→ Aim of the task: In the listing that follows, count every line holding the word "Require" and give only the count.

Dataset content START

(* Let $G$ be a small connected fair graph with $\chi(\mathcal{F}_{\mathrm{Top}_1}(G))\in\mathbb{Z}$. If a small computad $(G,\mathfrak{g}_2,s,t)$ presents the thin category $\overline{\mathcal{M}_1}\mathcal{F}_1(G)$, then $|\mathfrak{g}_2|\ge 1-\chi(\mathcal{F}_{\mathrm{Top}_1}(G))$.
   Context: Graphs and their categories. - A small graph $G$ consists of a set of objects, a set of arrows, and domain and codomain maps. - $\mathcal{F}_1(G)$ is the free category on $G$. - $\mathcal{L}_1\mathcal{F}_1(G)$ is the free groupoid on $G$. - $\overline{\mathcal{M}_1}\mathcal{F}_1(G)$ is the thin (preorder) reflection of $\mathcal{F}_1(G)$. Trees and weak trees. - A graph is connected if its free category is connected. - A tree is a connected graph $T$ with $\mathcal{L}_1\mathcal{F}_1(T)$ thin. - A weak tree is a connected graph $T$ with $\mathcal{F}_1(T)$ thin. - A maximal weak tree of $G$ is a subgraph that is a weak tree and is maximal among such. - $G$ is a fair graph if it has a maximal weak tree which is a tree. $\mathcal{F}_{\mathrm{Top}_1}(G)$ is the topological realization of $G$, and $\chi$ is the real Euler characteristic. A small computad $(G,\mathfrak{g}_2,s,t)$ is a set $\mathfrak{g}_2$ together with, for each $\alpha$, parallel morphisms $s(\alpha),t(\alpha)$ of $\mathcal{F}_1(G)$. It presents the quotient of $\mathcal{F}_1(G)$ by the congruence generated by $s(\alpha)=t(\alpha)$. *)

From Stdlib Require Import List ZArith Relations ClassicalEpsilon.
Import ListNotations.
Open Scope Z_scope.

Record graph := Graph {
  Ob : Type;
  Ar : Type;
  dom : Ar -> Ob;
  cod : Ar -> Ob }.

(** Morphisms x -> y of the free category F1(G): composable lists of arrows
    (diagrammatic order; composition is ++, identities are nil). *)
Fixpoint valid_path (G : graph) (x y : Ob G) (p : list (Ar G)) : Prop :=
  match p with
  | [] => x = y
  | f :: q => dom G f = x /\ valid_path G (cod G f) y q
  end.

Definition hom_exists (G : graph) (x y : Ob G) : Prop :=
  exists p, valid_path G x y p.

Definition connected (G : graph) : Prop :=
  inhabited (Ob G) /\ forall x y : Ob G, clos_refl_sym_trans _ (hom_exists G) x y.

Definition free_cat_thin (G : graph) : Prop :=
  forall (x y : Ob G) (p q : list (Ar G)),
    valid_path G x y p -> valid_path G x y q -> p = q.

(** Free groupoid L1F1(G): words in arrows (true) and formal inverses (false),
    modulo cancellation of adjacent inverse letters. *)
Definition letter (G : graph) := (Ar G * bool)%type.

Definition lsrc (G : graph) (l : letter G) : Ob G :=
  if snd l then dom G (fst l) else cod G (fst l).
Definition ltgt (G : graph) (l : letter G) : Ob G :=
  if snd l then cod G (fst l) else dom G (fst l).

Fixpoint valid_word (G : graph) (x y : Ob G) (w : list (letter G)) : Prop :=
  match w with
  | [] => x = y
  | l :: q => lsrc G l = x /\ valid_word G (ltgt G l) y q
  end.

Inductive cancel_step (G : graph) : list (letter G) -> list (letter G) -> Prop :=
  | cancel_intro : forall (w1 w2 : list (letter G)) (f : Ar G) (b : bool),
      cancel_step G (w1 ++ (f, b) :: (f, negb b) :: w2) (w1 ++ w2).

Definition groupoid_eq (G : graph) := clos_refl_sym_trans _ (cancel_step G).

Definition free_groupoid_thin (G : graph) : Prop :=
  forall (x y : Ob G) (w1 w2 : list (letter G)),
    valid_word G x y w1 -> valid_word G x y w2 -> groupoid_eq G w1 w2.

Definition is_tree (G : graph) : Prop := connected G /\ free_groupoid_thin G.
Definition is_weak_tree (G : graph) : Prop := connected G /\ free_cat_thin G.

Record subgraph (G : graph) := Subgraph {
  sob : Ob G -> Prop;
  sar : Ar G -> Prop;
  sar_dom : forall f, sar f -> sob (dom G f);
  sar_cod : forall f, sar f -> sob (cod G f) }.

Definition sub_graph (G : graph) (S : subgraph G) : graph :=
  {| Ob := {x : Ob G | sob G S x};
     Ar := {f : Ar G | sar G S f};
     dom := fun f => exist _ (dom G (proj1_sig f)) (sar_dom G S _ (proj2_sig f));
     cod := fun f => exist _ (cod G (proj1_sig f)) (sar_cod G S _ (proj2_sig f)) |}.

Definition subgraph_le (G : graph) (S T : subgraph G) : Prop :=
  (forall x, sob G S x -> sob G T x) /\ (forall f, sar G S f -> sar G T f).

Definition maximal_weak_tree (G : graph) (S : subgraph G) : Prop :=
  is_weak_tree (sub_graph G S) /\
  forall T : subgraph G, is_weak_tree (sub_graph G T) -> subgraph_le G S T ->
    subgraph_le G T S.

Definition fair (G : graph) : Prop :=
  exists S : subgraph G, maximal_weak_tree G S /\ is_tree (sub_graph G S).

(** Cellular homology of the topological realization F_Top1(G)
    (a 1-dimensional CW complex: 0-cells = objects, 1-cells = arrows). *)
Definition deltaZ {A : Type} (a b : A) : Z :=
  if excluded_middle_informative (a = b) then 1 else 0.

(** A cellular 1-chain: a finite formal integer combination of arrows. *)
Definition chain (G : graph) := list (Ar G * Z).

Definition coeff (G : graph) (c : chain G) (f : Ar G) : Z :=
  fold_right (fun ek acc => snd ek * deltaZ (fst ek) f + acc) 0 c.

Definition boundary (G : graph) (c : chain G) (v : Ob G) : Z :=
  fold_right (fun ek acc =>
     snd ek * (deltaZ (cod G (fst ek)) v - deltaZ (dom G (fst ek)) v) + acc) 0 c.

Definition is_cycle (G : graph) (c : chain G) : Prop :=
  forall v, boundary G c v = 0.

Fixpoint sum_to (n : nat) (F : nat -> Z) : Z :=
  match n with O => 0 | S m => sum_to m F + F m end.

Definition independent (G : graph) (n : nat) (z : nat -> chain G) : Prop :=
  forall a : nat -> Z,
    (forall f, sum_to n (fun i => a i * coeff G (z i) f) = 0) ->
    forall i, (i < n)%nat -> a i = 0.

(** H_1 = Z_1 (no 2-cells), a free abelian group; its rank is n. *)
Definition betti1 (G : graph) (n : nat) : Prop :=
  (exists z : nat -> chain G, (forall i, (i < n)%nat -> is_cycle G (z i)) /\
                              independent G n z) /\
  ~ (exists z : nat -> chain G, (forall i, (i < S n)%nat -> is_cycle G (z i)) /\
                                independent G (S n) z).

(** rank H_0 = number of path components of the realization. *)
Definition adjacent (G : graph) (x y : Ob G) : Prop :=
  exists f, dom G f = x /\ cod G f = y.

Definition betti0 (G : graph) (n : nat) : Prop :=
  exists v : nat -> Ob G,
    (forall i j, (i < n)%nat -> (j < n)%nat -> i <> j ->
       ~ clos_refl_sym_trans _ (adjacent G) (v i) (v j)) /\
    (forall x, exists i, (i < n)%nat /\ clos_refl_sym_trans _ (adjacent G) x (v i)).

Definition euler_char_is (G : graph) (c : Z) : Prop :=
  exists b0 b1 : nat, betti0 G b0 /\ betti1 G b1 /\ c = Z.of_nat b0 - Z.of_nat b1.

Record computad (G : graph) := Computad {
  cells2 : Type;
  csrc : cells2 -> Ob G;
  ctgt : cells2 -> Ob G;
  s2 : cells2 -> list (Ar G);
  t2 : cells2 -> list (Ar G);
  s2_valid : forall a, valid_path G (csrc a) (ctgt a) (s2 a);
  t2_valid : forall a, valid_path G (csrc a) (ctgt a) (t2 a) }.

Inductive cstep (G : graph) (C : computad G) (x y : Ob G) :
    list (Ar G) -> list (Ar G) -> Prop :=
  | cstep_intro : forall (a : cells2 G C) (p q : list (Ar G)),
      valid_path G x (csrc G C a) p -> valid_path G (ctgt G C a) y q ->
      cstep G C x y (p ++ s2 G C a ++ q) (p ++ t2 G C a ++ q).

Definition presented_eq (G : graph) (C : computad G) (x y : Ob G) :=
  clos_refl_sym_trans _ (cstep G C x y).

(** C presents the thin reflection of F1(G): the generated congruence
    identifies all parallel morphisms (it is always contained in parallelism). *)
Definition presents_thin_reflection (G : graph) (C : computad G) : Prop :=
  forall (x y : Ob G) (p q : list (Ar G)),
    valid_path G x y p -> valid_path G x y q -> presented_eq G C x y p q.

Definition card_ge (A : Type) (m : Z) : Prop :=
  forall n : nat, Z.of_nat n <= m ->
    exists h : {k : nat | (k < n)%nat} -> A,
      forall u v, h u = h v -> u = v.

(* The relations [s a - t a] of the 2-cells span every cellular 1-cycle of [G] up to a nonzero
   integer multiple; since rank H_1 = 1 - chi for connected [G], there are at least 1 - chi cells.
   Let [T] be a maximal weak tree that is a tree.  By maximality [T] contains every vertex, and for
   an arrow [f] outside [T] the graph [T + f] is not thin: it has parallel paths [p <> q], and these
   differ in their number of [f]'s.  As the computad presents the thin reflection, [p - q] lies in
   the span; it is a cycle supported in [T + f] with nonzero [f]-coefficient.  Eliminating the
   arrows outside [T] one at a time reduces a multiple of any cycle to a cycle supported in [T],
   which vanishes because the free groupoid on [T] is thin. *)

From Stdlib Require Import ZArith List Lia Relations ClassicalEpsilon ProofIrrelevance Classical.
Import ListNotations.
Open Scope Z_scope.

Dataset content END

→ Response for this exercise: 2